When you hold the phone up to your head, the problem is almost non-existent – no matter how much you cover the antenna, both sides can hear each other fine with only a sound artifact here or there. Even in areas of poor reception, things were really okay – you can’t kill a call that way.

But if the phone is held horizontally (say, to use the speakerphone), it becomes almost too easy to degrade the signal – touching the bottom area of the phone is enough for the call to start breaking up. If the reception gets any weaker, the call is dropped.

Oddly, while the person using the Sensation can hear the other party just fine all the way through, it’s the other caller that starts hearing artifacts and badly broken up speech. So, it’s a problem with transmitting the signal, not receiving it. Still, in most situations, the HTC Sensation should do fine.

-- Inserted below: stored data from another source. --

(* Let $K\subseteq\mathbb{R}^m$ be closed, let $G:\mathbb{R}^n\to\mathbb{R}^m$ be second-order gph-regular at $x^*$, let $\Psi=\{x\in\mathbb{R}^n:G(x)\in K\}$ with $x^*\in\Psi$, and suppose that MSCQ for $\Psi$ holds at $x^*$. If $K$ is outer second-order regular at $G(x^* )$ in direction $G'(x^*;d)$, then $\Psi$ is outer second-order regular at $x^*$ in direction $d$. Furthermore, if $K$ is outer second-order regular at $G(x^* )$ (in every direction), then $\Psi$ is outer second-order regular at $x^*$ (in every direction).
   Context: Definitions. For $g:\mathbb{R}^n\to\mathbb{R}^k$: $g'(x;d)=\lim_{t\downarrow0}(g(x+td)-g(x))/t$; $g$ is second-order directionally differentiable at $x$ if for every $d$, $g'(x;d)$ exists and $g''(x;d,w):=\lim_{t\downarrow0}\frac{g(x+td+\frac12t^2w)-g(x)-tg'(x;d)}{\frac12t^2}$ exists for all $w$. $g$ is second-order gph-regular at $x^*$ if it is locally Lipschitz continuous and second-order directionally differentiable at $x^*$ and for every $d$ and every path $w:\mathbb{R}_+\to\mathbb{R}^n$ with $tw(t)\to0$ as $t\downarrow0$ there is $r$ with $\|r(t)\|/t^2\to0$ such that $g(x^*+td+\frac12t^2w(t))=g(x^* )+tg'(x^*;d)+\frac12t^2g''(x^*;d,w(t))+r(t)$ for $t\ge0$. For a set $C$ and $x^*\in C$: tangent cone $\mathcal{T}_C(x^* )=\{d:\exists t_k\downarrow0,d^k\to d,x^*+t_kd^k\in C\}$; for $d\in\mathcal{T}_C(x^* )$, $\mathcal{T}^2_C(x^*;d)=\{w:\exists t_k\downarrow0,w^k\to w,x^*+t_kd+\frac12t_k^2w^k\in C\}$ (outer second-order tangent set). $C$ is outer second-order regular at $x^*$ in direction $d$ if for every sequence $x^k=x^*+t_kd+\frac12t_k^2w^k\in C$ with $t_k\downarrow0$ and $t_kw^k\to0$, $\lim_k\mathrm{dist}(w^k,\mathcal{T}^2_C(x^*;d))=0$. MSCQ for $\Psi$ holds at $x^*$ if there are a neighborhood $U$ of $x^*$ and $\kappa>0$ with $\mathrm{dist}(x,\Psi)\le\kappa\,\mathrm{dist}(G(x),K)$ for all $x\in U$. *)

(* R : realType, R^n rendered as 'rV[R]_n with its
   canonical (sup) norm; all notions below are norm-independent. *)
From HB Require Import structures.
From mathcomp Require Import all_boot all_order all_algebra.
From mathcomp Require Import all_classical all_reals all_analysis.
Set Implicit Arguments. Unset Strict Implicit. Unset Printing Implicit Defensive.
Import Order.TTheory GRing.Theory Num.Theory.
Import numFieldNormedType.Exports.
Local Open Scope classical_set_scope.
Local Open Scope ring_scope.

Section Defs.
Variable R : realType.

(* dist(x, C) = inf_{y in C} |x - y|, in \bar R (so dist(x, empty) = +oo) *)
Definition dist (n : nat) (x : 'rV[R]_n) (C : set 'rV[R]_n) : \bar R :=
  ereal_inf [set (`|x - y|)%:E | y in C].

Definition dir_deriv (n k : nat) (g : 'rV[R]_n -> 'rV[R]_k) (x d : 'rV[R]_n)
    (v : 'rV[R]_k) : Prop :=
  (fun t : R => t^-1 *: (g (x + t *: d) - g x)) @ 0^'+ --> v.

Definition dir_deriv2 (n k : nat) (g : 'rV[R]_n -> 'rV[R]_k) (x d w : 'rV[R]_n)
    (v z : 'rV[R]_k) : Prop :=
  (fun t : R => (2^-1 * t ^+ 2)^-1 *:
     (g (x + t *: d + (2^-1 * t ^+ 2) *: w) - g x - t *: v)) @ 0^'+ --> z.

Definition loc_lipschitz_at (n k : nat) (g : 'rV[R]_n -> 'rV[R]_k) (x : 'rV[R]_n)
  : Prop :=
  exists e : R, 0 < e /\ exists L : R,
    forall y z, ball x e y -> ball x e z -> `|g y - g z| <= L * `|y - z|.

Definition so_gph_regular (n k : nat) (g : 'rV[R]_n -> 'rV[R]_k) (x : 'rV[R]_n)
  : Prop :=
  loc_lipschitz_at g x /\
  exists (g1 : 'rV[R]_n -> 'rV[R]_k) (g2 : 'rV[R]_n -> 'rV[R]_n -> 'rV[R]_k),
    (forall d, dir_deriv g x d (g1 d)) /\
    (forall d w, dir_deriv2 g x d w (g1 d) (g2 d w)) /\
    (forall (d : 'rV[R]_n) (w : R -> 'rV[R]_n),
       (fun t : R => t *: w t) @ 0^'+ --> (0 : 'rV[R]_n) ->
       exists r : R -> 'rV[R]_k,
         (fun t : R => (t ^+ 2)^-1 *: r t) @ 0^'+ --> (0 : 'rV[R]_k) /\
         forall t : R, 0 <= t ->
           g (x + t *: d + (2^-1 * t ^+ 2) *: w t)
           = g x + t *: g1 d + (2^-1 * t ^+ 2) *: g2 d (w t) + r t).

(* t_k decreasing to 0 in the sense t_k > 0, t_k -> 0 *)
Definition pos_null_seq (t : nat -> R) : Prop :=
  (forall k, 0 < t k) /\ t @ \oo --> (0 : R).

Definition tangent_cone (n : nat) (C : set 'rV[R]_n) (x : 'rV[R]_n)
  : set 'rV[R]_n :=
  [set d | exists (t : nat -> R) (dk : nat -> 'rV[R]_n),
     pos_null_seq t /\ dk @ \oo --> d /\ forall k, C (x + t k *: dk k)].

Definition so_tangent_set (n : nat) (C : set 'rV[R]_n) (x d : 'rV[R]_n)
  : set 'rV[R]_n :=
  [set w | exists (t : nat -> R) (wk : nat -> 'rV[R]_n),
     pos_null_seq t /\ wk @ \oo --> w /\
     forall k, C (x + t k *: d + (2^-1 * t k ^+ 2) *: wk k)].

Definition outer_so_regular (n : nat) (C : set 'rV[R]_n) (x d : 'rV[R]_n)
  : Prop :=
  forall (t : nat -> R) (wk : nat -> 'rV[R]_n),
    pos_null_seq t ->
    (fun k => t k *: wk k) @ \oo --> (0 : 'rV[R]_n) ->
    (forall k, C (x + t k *: d + (2^-1 * t k ^+ 2) *: wk k)) ->
    (fun k => dist (wk k) (so_tangent_set C x d)) @ \oo --> 0%E.

Definition MSCQ (n m : nat) (G : 'rV[R]_n -> 'rV[R]_m) (K : set 'rV[R]_m)
    (x : 'rV[R]_n) : Prop :=
  exists e : R, 0 < e /\ exists kappa : R, 0 < kappa /\
    forall y, ball x e y ->
      (dist y (G @^-1` K) <= kappa%:E * dist (G y) K)%E.

End Defs.

(* MSCQ transfers second-order tangents from K back to
   Psi: correcting the points x + s d + s^2/2 w by the subregularity error bound
   and extracting a convergent subsequence of the corrections gives
   dist(w, T2_Psi(x;d)) <= kappa dist(G''(x;d,w), T2_K(G x; G'(x;d))).
   For a sequence x + t_k d + t_k^2/2 w_k in Psi with t_k w_k -> 0, one may pass
   to a subsequence with t_k strictly decreasing, so that the w_k lie on a path
   w(t); gph-regularity along that path writes G of the points as
   G x + t_k G'(x;d) + t_k^2/2 z_k with z_k - G''(x;d,w_k) -> 0, and the Lipschitz
   bound gives t_k z_k -> 0.  Outer regularity of K makes dist(z_k, T2_K) -> 0,
   hence dist(w_k, T2_Psi) -> 0. *)

From mathcomp Require Import all_boot all_order all_algebra.
From mathcomp Require Import all_classical all_reals all_analysis.
From mathcomp Require Import ring lra.
Import Order.TTheory GRing.Theory Num.Theory.
Import numFieldNormedType.Exports.
Local Open Scope classical_set_scope.
Local Open Scope ring_scope.

Local Notation half_sq t := (2^-1 * t ^+ 2).

Lemma half_sq_gt0 {R : realFieldType} [t : R] : 0 < t -> 0 < half_sq t.
Proof. by move=> t0; rewrite mulr_gt0 ?invr_gt0 ?exprn_gt0. Qed.

Section Sequences.
Context {R : realType}.

Lemma pos_null_seq_cvg_at_right [t : nat -> R] : pos_null_seq t -> t @ \oo --> 0^'+.
Proof.
move=> [t_gt0 t0] B /t0 tB; change (\forall k \near \oo, B (t k)).
have {}tB : \forall k \near \oo, 0 < t k -> B (t k) := tB.
by apply: filterS tB => k; apply.
Qed.

Lemma cvg_subseq {T : topologicalType} [f : nat -> T] [phi : nat -> nat] [a : T] :
  (forall j, (j <= phi j)%N) -> f @ \oo --> a -> (f \o phi) @ \oo --> a.
Proof.
move=> phi_ge fa B /fa [N _ fB]; exists N => // j /= Nj.
exact/fB/(leq_trans Nj).
Qed.

Lemma pos_null_seq_subseq [t : nat -> R] [phi : nat -> nat] :
  (forall j, (j <= phi j)%N) -> pos_null_seq t -> pos_null_seq (t \o phi).
Proof. by move=> phi_ge [t_gt0 t0]; split=> [j|]; [exact: t_gt0 | exact: cvg_subseq]. Qed.

Lemma cvge0_ge0P (f : nat -> \bar R) : (forall k, 0 <= f k)%E ->
  f @ \oo --> 0%E <-> forall e : R, 0 < e -> \forall k \near \oo, (f k <= e%:E)%E.
Proof.
move=> f_ge0; split=> [/fine_cvgP[f_fin f0] e e0|fe].
  near=> k; have /fineK <- : f k \is a fin_num by near: k.
  rewrite lee_fin (le_trans (ler_norm _)) // -[fine _]subr0 -normrN opprB.
  by near: k; exact: (cvgrPdist_le _ _).1 f0 e e0.
apply/fine_cvgP; split.
  by apply: filterS (fe 1 ltr01) => k fk; rewrite ge0_fin_numE // (le_lt_trans fk) ?ltry.
apply/cvgrPdist_le => e e0; apply: filterS (fe e e0) => k /=.
by move: (f_ge0 k); case: (f k) => [r||] //=; rewrite !lee_fin sub0r normrN => /ger0_norm ->.
Unshelve. all: end_near.
Qed.

Lemma pos_null_seq_decreasing_subseq [t : nat -> R] [P : nat -> Prop] :
  pos_null_seq t -> (forall N, exists2 k, (N <= k)%N & P k) ->
  exists phi : nat -> nat, [/\ forall j, (j <= phi j)%N, forall j, P (phi j)
                            & forall j, t (phi j.+1) < t (phi j)].
Proof.
move=> [t_gt0 t0] often.
have next i : exists k, [/\ (i < k)%N, t k < t i & P k].
  have [M _ tM] := (cvgrPdist_lt _ _).1 t0 (t i) (t_gt0 i).
  have [k] := often (maxn M i.+1); rewrite geq_max => /andP[Mk ik] Pk.
  by exists k; split=> //; move: (tM k Mk); rewrite /= sub0r normrN gtr0_norm.
have [nx nxP] := choice next; have [k0 _ Pk0] := often 0%N.
exists (fun j => iter j nx k0); split=> [|[|j]|j] //=; try by case: (nxP (iter j nx k0)).
by elim=> // j IH; case: (nxP (iter j nx k0)) => /(leq_ltn_trans IH).
Qed.

Lemma interpolate_decreasing_seq {V : normedModType R} [t : nat -> R] [w : nat -> V] :
  (forall k, 0 < t k) -> (forall k, t k.+1 < t k) ->
  (fun k => t k *: w k) @ \oo --> 0 ->
  exists2 wp : R -> V, (forall k, wp (t k) = w k) & (fun s => s *: wp s) @ 0^'+ --> 0.
Proof.
move=> t_gt0 t_dec tw0.
have t_lt : {homo t : i j / (i < j)%N >-> j < i}.
  by apply: homo_ltn => // y x z /[swap]; exact: lt_trans.
have t_inj : injective t.
  by move=> i j tij; case: (ltngtP i j) => // /t_lt; rewrite tij ltxx.
pose wp (s : R) : V := if pselect (exists k, t k = s) is left h then w (projT1 (cid h)) else 0.
have wpE k : wp (t k) = w k.
  rewrite /wp; case: pselect => [h|[]]; last by exists k.
  by case: (cid h) => j /= /t_inj ->.
exists wp => //; apply/cvgr0Pnorm_lt => e e0.
have [N _ twN] := (cvgr0Pnorm_lt _).1 tw0 e e0.
apply: filterS (nbhs_right_lt (t_gt0 N)) => s tNs.
rewrite /wp; case: pselect => [h|_]; last by rewrite scaler0 normr0.
case: (cid h) => k /= tks; rewrite -tks; apply: twN => /=.
by rewrite leqNgt; apply/negP => /t_lt; rewrite tks => /(lt_trans tNs); rewrite ltxx.
Qed.

End Sequences.

Lemma compact_cvg_subseq {R : realType} {V : normedModType R} [A : set V] [u : nat -> V] :
  compact A -> (forall j, A (u j)) ->
  exists2 a, A a & exists2 phi : nat -> nat,
    forall j, (j <= phi j)%N & (u \o phi) @ \oo --> a.
Proof.
move=> cA Au; have [a [Aa ua]] : A `&` cluster (u @ \oo) !=set0.
  by apply: cA; exists 0%N => // j _; exact: Au.
exists a => //.
have near_a k : exists j, (k <= j)%N /\ `|a - u j| < k.+1%:R^-1.
  have [_ [[j kj <-]]] : [set u j | j in [set j | (k <= j)%N]] `&` ball a k.+1%:R^-1 !=set0.
    by apply: ua; [exists k => // j /= kj; exists j | apply: nbhsx_ballx].
  by rewrite -ball_normE; exists j.
have [phi phiP] := choice near_a; exists phi => [j|]; first by case: (phiP j).
apply/cvgrPdist_lt => e e0; near=> k; apply: lt_trans (phiP k).2 _.
by near: k; exact: near_infty_natSinv_lt (PosNum e0).
Unshelve. all: end_near.
Qed.

Section Distance.
Context {R : realType} {n : nat}.
Implicit Types (C : set 'rV[R]_n) (x y w : 'rV[R]_n).

Lemma dist_ge0 x C : (0 <= dist x C)%E.
Proof. by apply: le_ereal_inf_tmp => _ [y _ <-]; rewrite lee_fin. Qed.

As for the Wi-Fi reception, things are pretty bad, we guess. Put your hand on the top of the phone and Wi-Fi signal drops to zero. Very often the modem would crash and would switch the Wi-Fi on and off and only then you regain connectivity even if you were no longer touching to antenna.

Granted, holding the top of the phone is somewhat unnatural – but using it in landscape orientation to browse the net or watching a streaming video might give you some headache.

We recorded a video showing how both signals degrade as you touch the corresponding antenna. We couldn’t get the cell signal very low on video, but that’s because our office has good coverage.

For the Wi-Fi, we tried downloading a file from the Internet and measure the download speeds. Keep an eye on the blue line – it shows the download speed in Kbps. It drops to the bottom when you touch the top antenna. If you are lucky and the modem doesn’t crash, you might even get to finish your download.